> What you have to do
For this exercise, reproduce the entries below exactly, but only from the line containing "Hypothesis Hab : a < b." through the line containing "Hypothesis HCd : 1 <= Cd.", both included.

> Records to process
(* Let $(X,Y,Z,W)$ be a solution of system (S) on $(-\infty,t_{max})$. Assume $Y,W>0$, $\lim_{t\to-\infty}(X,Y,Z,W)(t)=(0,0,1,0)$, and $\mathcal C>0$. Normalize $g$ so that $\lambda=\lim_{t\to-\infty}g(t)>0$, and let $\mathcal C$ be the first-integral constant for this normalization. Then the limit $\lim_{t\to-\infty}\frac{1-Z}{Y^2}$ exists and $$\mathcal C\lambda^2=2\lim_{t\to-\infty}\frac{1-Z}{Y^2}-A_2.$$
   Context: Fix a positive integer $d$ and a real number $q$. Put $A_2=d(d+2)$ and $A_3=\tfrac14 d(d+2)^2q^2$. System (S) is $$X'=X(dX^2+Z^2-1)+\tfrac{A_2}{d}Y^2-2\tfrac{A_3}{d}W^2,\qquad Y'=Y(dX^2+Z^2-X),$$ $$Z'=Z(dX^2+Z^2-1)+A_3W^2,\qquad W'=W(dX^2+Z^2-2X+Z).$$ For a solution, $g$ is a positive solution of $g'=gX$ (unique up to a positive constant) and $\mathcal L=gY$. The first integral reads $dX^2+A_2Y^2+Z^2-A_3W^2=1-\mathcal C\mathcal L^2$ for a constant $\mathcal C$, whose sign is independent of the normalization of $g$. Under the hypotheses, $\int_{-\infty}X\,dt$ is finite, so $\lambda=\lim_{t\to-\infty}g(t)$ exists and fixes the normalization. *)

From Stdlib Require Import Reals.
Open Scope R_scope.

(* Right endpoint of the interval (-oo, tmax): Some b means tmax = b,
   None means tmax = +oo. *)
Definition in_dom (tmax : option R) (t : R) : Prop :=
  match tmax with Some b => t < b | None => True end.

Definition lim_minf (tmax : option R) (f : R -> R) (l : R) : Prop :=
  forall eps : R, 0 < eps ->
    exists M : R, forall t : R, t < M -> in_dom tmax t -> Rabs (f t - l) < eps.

---

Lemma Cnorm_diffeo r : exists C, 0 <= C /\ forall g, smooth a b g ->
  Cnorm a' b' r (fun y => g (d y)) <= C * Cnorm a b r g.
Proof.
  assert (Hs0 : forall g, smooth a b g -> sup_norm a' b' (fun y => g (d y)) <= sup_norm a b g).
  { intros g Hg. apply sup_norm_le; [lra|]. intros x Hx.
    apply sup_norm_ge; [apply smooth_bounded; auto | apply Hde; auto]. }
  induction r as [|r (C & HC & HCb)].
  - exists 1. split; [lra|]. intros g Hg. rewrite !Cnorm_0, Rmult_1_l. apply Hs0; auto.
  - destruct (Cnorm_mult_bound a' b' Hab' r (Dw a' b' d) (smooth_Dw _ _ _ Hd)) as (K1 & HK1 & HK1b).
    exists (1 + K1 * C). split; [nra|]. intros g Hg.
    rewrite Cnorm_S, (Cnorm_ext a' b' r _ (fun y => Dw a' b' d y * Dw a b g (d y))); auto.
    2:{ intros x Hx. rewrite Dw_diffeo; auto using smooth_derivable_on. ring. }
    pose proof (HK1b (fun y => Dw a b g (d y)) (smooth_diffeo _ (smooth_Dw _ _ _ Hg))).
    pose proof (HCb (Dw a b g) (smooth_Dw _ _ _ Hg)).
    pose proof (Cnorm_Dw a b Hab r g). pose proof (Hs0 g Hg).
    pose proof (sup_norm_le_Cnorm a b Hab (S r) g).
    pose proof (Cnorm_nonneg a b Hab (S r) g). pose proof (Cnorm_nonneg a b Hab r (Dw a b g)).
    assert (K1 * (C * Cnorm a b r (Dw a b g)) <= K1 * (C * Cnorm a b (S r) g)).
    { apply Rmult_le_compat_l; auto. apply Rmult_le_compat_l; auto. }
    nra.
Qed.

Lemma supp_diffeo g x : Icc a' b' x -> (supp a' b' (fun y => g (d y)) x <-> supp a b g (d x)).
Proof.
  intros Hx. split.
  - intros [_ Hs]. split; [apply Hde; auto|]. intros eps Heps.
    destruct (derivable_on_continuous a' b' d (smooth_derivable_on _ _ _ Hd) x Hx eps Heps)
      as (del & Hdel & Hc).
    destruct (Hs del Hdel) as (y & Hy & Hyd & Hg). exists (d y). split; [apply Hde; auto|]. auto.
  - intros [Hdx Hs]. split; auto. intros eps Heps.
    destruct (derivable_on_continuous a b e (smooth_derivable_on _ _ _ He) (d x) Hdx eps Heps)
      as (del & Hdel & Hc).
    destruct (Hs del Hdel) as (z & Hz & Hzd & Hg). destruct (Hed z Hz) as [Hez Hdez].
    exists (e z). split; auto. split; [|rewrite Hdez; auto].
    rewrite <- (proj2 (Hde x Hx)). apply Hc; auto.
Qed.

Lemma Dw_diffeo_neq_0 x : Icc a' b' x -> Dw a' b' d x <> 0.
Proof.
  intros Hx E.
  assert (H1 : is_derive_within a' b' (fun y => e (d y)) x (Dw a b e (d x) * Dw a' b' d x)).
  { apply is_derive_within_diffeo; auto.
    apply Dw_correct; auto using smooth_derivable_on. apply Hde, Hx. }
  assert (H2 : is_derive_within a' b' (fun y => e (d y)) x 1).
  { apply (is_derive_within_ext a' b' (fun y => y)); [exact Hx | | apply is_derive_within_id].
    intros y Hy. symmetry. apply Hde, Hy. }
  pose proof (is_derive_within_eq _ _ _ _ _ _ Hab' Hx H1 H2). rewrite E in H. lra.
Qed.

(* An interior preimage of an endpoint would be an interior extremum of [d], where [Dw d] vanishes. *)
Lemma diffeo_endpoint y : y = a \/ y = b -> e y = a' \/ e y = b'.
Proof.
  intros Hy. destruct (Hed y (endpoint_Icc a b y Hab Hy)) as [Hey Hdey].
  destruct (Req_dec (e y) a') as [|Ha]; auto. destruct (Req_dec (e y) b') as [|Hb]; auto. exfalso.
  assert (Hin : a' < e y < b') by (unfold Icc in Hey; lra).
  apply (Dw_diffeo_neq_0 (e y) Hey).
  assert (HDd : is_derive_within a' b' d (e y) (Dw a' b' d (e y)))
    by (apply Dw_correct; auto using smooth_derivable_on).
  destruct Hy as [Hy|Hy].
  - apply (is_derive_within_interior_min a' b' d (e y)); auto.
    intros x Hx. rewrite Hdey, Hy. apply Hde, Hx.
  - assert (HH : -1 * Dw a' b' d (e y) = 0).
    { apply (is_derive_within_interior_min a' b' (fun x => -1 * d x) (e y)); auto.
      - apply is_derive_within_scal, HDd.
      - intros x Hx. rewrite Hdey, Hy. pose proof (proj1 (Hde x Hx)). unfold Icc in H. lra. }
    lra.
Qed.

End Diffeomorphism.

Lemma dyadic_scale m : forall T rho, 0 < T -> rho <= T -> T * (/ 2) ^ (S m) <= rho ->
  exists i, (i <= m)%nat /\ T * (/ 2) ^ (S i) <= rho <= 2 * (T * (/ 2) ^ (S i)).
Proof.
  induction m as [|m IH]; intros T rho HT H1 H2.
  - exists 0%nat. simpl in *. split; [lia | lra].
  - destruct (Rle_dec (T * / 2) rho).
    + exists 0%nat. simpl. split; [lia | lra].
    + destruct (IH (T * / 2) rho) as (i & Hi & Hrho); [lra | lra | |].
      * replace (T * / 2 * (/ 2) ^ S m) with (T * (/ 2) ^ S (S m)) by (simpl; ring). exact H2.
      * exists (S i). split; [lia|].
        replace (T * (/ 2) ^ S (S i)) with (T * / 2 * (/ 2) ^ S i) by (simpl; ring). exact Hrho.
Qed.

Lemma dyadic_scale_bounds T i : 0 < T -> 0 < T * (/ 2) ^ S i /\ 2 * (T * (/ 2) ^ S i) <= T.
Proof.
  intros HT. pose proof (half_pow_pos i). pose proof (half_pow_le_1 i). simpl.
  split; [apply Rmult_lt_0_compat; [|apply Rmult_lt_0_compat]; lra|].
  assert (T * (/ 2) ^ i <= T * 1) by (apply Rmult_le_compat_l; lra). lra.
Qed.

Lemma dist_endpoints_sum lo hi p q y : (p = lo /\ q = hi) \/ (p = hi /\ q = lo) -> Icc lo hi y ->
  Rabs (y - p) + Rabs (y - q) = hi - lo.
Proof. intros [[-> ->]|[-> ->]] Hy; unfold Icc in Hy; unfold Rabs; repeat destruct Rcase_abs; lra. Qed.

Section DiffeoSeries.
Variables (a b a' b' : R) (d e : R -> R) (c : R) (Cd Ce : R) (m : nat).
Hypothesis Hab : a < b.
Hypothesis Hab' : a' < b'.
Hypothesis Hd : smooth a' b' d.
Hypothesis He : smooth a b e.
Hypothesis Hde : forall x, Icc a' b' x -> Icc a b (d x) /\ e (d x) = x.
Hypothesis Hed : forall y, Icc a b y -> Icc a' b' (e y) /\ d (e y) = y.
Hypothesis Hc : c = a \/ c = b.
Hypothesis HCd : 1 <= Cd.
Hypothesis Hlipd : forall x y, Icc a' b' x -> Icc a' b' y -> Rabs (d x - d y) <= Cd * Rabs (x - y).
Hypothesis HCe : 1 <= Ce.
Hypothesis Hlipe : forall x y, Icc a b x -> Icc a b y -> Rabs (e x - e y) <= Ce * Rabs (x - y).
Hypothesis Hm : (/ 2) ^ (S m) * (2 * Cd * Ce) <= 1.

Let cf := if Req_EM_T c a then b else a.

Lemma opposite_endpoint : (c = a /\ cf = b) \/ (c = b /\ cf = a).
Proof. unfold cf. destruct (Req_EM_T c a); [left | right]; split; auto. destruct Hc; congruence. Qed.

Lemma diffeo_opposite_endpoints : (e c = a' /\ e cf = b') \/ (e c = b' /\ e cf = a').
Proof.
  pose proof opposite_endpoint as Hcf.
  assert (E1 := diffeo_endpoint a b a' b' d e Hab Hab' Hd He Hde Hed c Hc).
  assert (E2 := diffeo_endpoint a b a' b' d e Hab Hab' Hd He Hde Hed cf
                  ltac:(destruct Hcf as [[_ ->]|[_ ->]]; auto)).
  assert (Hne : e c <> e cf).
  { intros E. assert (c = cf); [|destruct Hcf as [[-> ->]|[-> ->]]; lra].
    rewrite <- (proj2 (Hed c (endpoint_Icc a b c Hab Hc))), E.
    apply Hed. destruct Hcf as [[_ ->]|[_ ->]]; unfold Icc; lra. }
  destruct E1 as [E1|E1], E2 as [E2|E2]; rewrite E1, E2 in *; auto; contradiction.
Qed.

> Solved problem
Hypothesis Hab : a < b.
Hypothesis Hab' : a' < b'.
Hypothesis Hd : smooth a' b' d.
Hypothesis He : smooth a b e.
Hypothesis Hde : forall x, Icc a' b' x -> Icc a b (d x) /\ e (d x) = x.
Hypothesis Hed : forall y, Icc a b y -> Icc a' b' (e y) /\ d (e y) = y.
Hypothesis Hc : c = a \/ c = b.
Hypothesis HCd : 1 <= Cd.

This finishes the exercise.